YOUR TASK:
Instruction for the entries that follow: retype exactly the lines from the line with "Context: $\mu$ is" to the line with "(one : G) (z", both included, and omit all others.

Stored data entries:
☆ ☆ ☆ ☆ ☆ ☆ ☆

(* Let $G$ be an infinite group with a finite-index normal infinite cyclic subgroup $Z$, identified with $\mathbb{Z}$ via a generator, and let $\mu$ be a symmetric, finitely supported generating probability measure on $G$ with $S=\operatorname{supp}\mu$. Let $T\subset G$ be a finite set such that every $g\in G$ can be written uniquely as $g=\zeta(g)\tau(g)$ with $\zeta(g)\in Z\cong\mathbb{Z}$ and $\tau(g)\in T$. Let $M\in\mathbb{N}$ be such that $|\zeta(gs)-\zeta(g)|\le M$ for all $g\in G$, $s\in S$. Let $(X_t)$ be the random walk on $(G,\mu)$ and set $T^+_n=\min\{t\ge0:\zeta(X_t)\ge n\}$, $T^-_n=\min\{t\ge0:\zeta(X_t)\le n\}$. Then for $m\in\mathbb{Z}$, $R\in\mathbb{N}$ and $g\in G$ with $m<\zeta(g)<m+R$, \[\mathbb{P}_g\left[\,T^+_{m+R}<T^-_m\,\right]=\frac{\zeta(g)-m}{R+M}+O\!\left(\frac1R\right),\] where the implied constant does not depend on $m$, $R$ or $g$.
   Context: $\mu$ is generating if the semigroup generated by $\operatorname{supp}\mu$ is $G$, symmetric if $\mu(g)=\mu(g^{-1})$. The random walk on $(G,\mu)$ started at $g$ has $X_0=g$ and $X_{n}=X_{n-1}s$ with probability $\mu(s)$ independently; $\mathbb{P}_g$ denotes its law. (Such an $M$ always exists, e.g. $M=\max\{|\zeta(ts)|:s\in S,t\in T\}$.) *)

From HB Require Import structures.
From mathcomp Require Import all_boot all_order all_algebra.
From mathcomp Require Import boolp classical_sets reals.
Set Implicit Arguments. Unset Strict Implicit. Unset Printing Implicit Defensive.
Import Order.TTheory GRing.Theory Num.Theory.
Local Open Scope ring_scope.

Definition is_group {G : Type} (mul : G -> G -> G) (one : G) (inv : G -> G) :=
  [/\ (forall a b c, mul a (mul b c) = mul (mul a b) c),
      (forall a, mul one a = a) &
      (forall a, mul (inv a) a = one)].

Fixpoint gpow_nat {G : Type} (mul : G -> G -> G) (one : G) (z : G) (n : nat) : G :=
  match n with 0%N => one | k.+1 => mul z (gpow_nat mul one z k) end.

Definition gpow {G : Type} (mul : G -> G -> G) (one : G) (inv : G -> G)
  (z : G) (k : int) : G :=
  match k with
  | Posz n => gpow_nat mul one z n
  | Negz n => inv (gpow_nat mul one z n.+1)
  end.

(* all words of length n over the (duplicate-free) list S, i.e. S^n *)
Fixpoint words {G : Type} (S : seq G) (n : nat) : seq (seq G) :=
  match n with
  | 0%N => [:: [::]]
  | k.+1 => flatten [seq [seq s :: w | w <- words S k] | s <- S]
  end.

Definition walk_pos {G : Type} (mul : G -> G -> G) (g : G) (w : seq G) (t : nat) : G :=
  foldl mul g (take t w).

(* P_g[ T^+_hi < T^-_lo and T^+_hi <= n ] for the random walk with step law mu
   supported on S: sum over all step sequences of length n of their probability
   times the indicator that some t <= n has zeta(X_t) >= hi while
   zeta(X_t') > lo for all t' <= t. *)
Definition exit_up_by {R : realType} {G : Type} (mul : G -> G -> G)
  (mu : G -> R) (S : seq G) (zeta : G -> int) (lo hi : int) (g : G) (n : nat) : R :=
  \sum_(w <- words S n)
     (\prod_(s <- w) mu s) *
     ([exists t : 'I_n.+1,
         (hi <= zeta (walk_pos mul g w t)) &&
         [forall t' : 'I_n.+1,
            (t' <= t)%N ==> (lo < zeta (walk_pos mul g w t'))]] : bool)%:R.

(* P_g[ T^+_hi < T^-_lo ] = sup_n P_g[ T^+_hi < T^-_lo, T^+_hi <= n ]
   (continuity from below along the increasing events). *)
Definition exit_up_prob {R : realType} {G : Type} (mul : G -> G -> G)
  (mu : G -> R) (S : seq G) (zeta : G -> int) (lo hi : int) (g : G) : R :=
  sup (range (exit_up_by mul mu S zeta lo hi g)).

☆ ☆ ☆ ☆ ☆ ☆ ☆

SOLUTION TO THE EXERCISE:
   Context: $\mu$ is generating if the semigroup generated by $\operatorname{supp}\mu$ is $G$, symmetric if $\mu(g)=\mu(g^{-1})$. The random walk on $(G,\mu)$ started at $g$ has $X_0=g$ and $X_{n}=X_{n-1}s$ with probability $\mu(s)$ independently; $\mathbb{P}_g$ denotes its law. (Such an $M$ always exists, e.g. $M=\max\{|\zeta(ts)|:s\in S,t\in T\}$.) *)

From HB Require Import structures.
From mathcomp Require Import all_boot all_order all_algebra.
From mathcomp Require Import boolp classical_sets reals.
Set Implicit Arguments. Unset Strict Implicit. Unset Printing Implicit Defensive.
Import Order.TTheory GRing.Theory Num.Theory.
Local Open Scope ring_scope.

Definition is_group {G : Type} (mul : G -> G -> G) (one : G) (inv : G -> G) :=
  [/\ (forall a b c, mul a (mul b c) = mul (mul a b) c),
      (forall a, mul one a = a) &
      (forall a, mul (inv a) a = one)].

Fixpoint gpow_nat {G : Type} (mul : G -> G -> G) (one : G) (z : G) (n : nat) : G :=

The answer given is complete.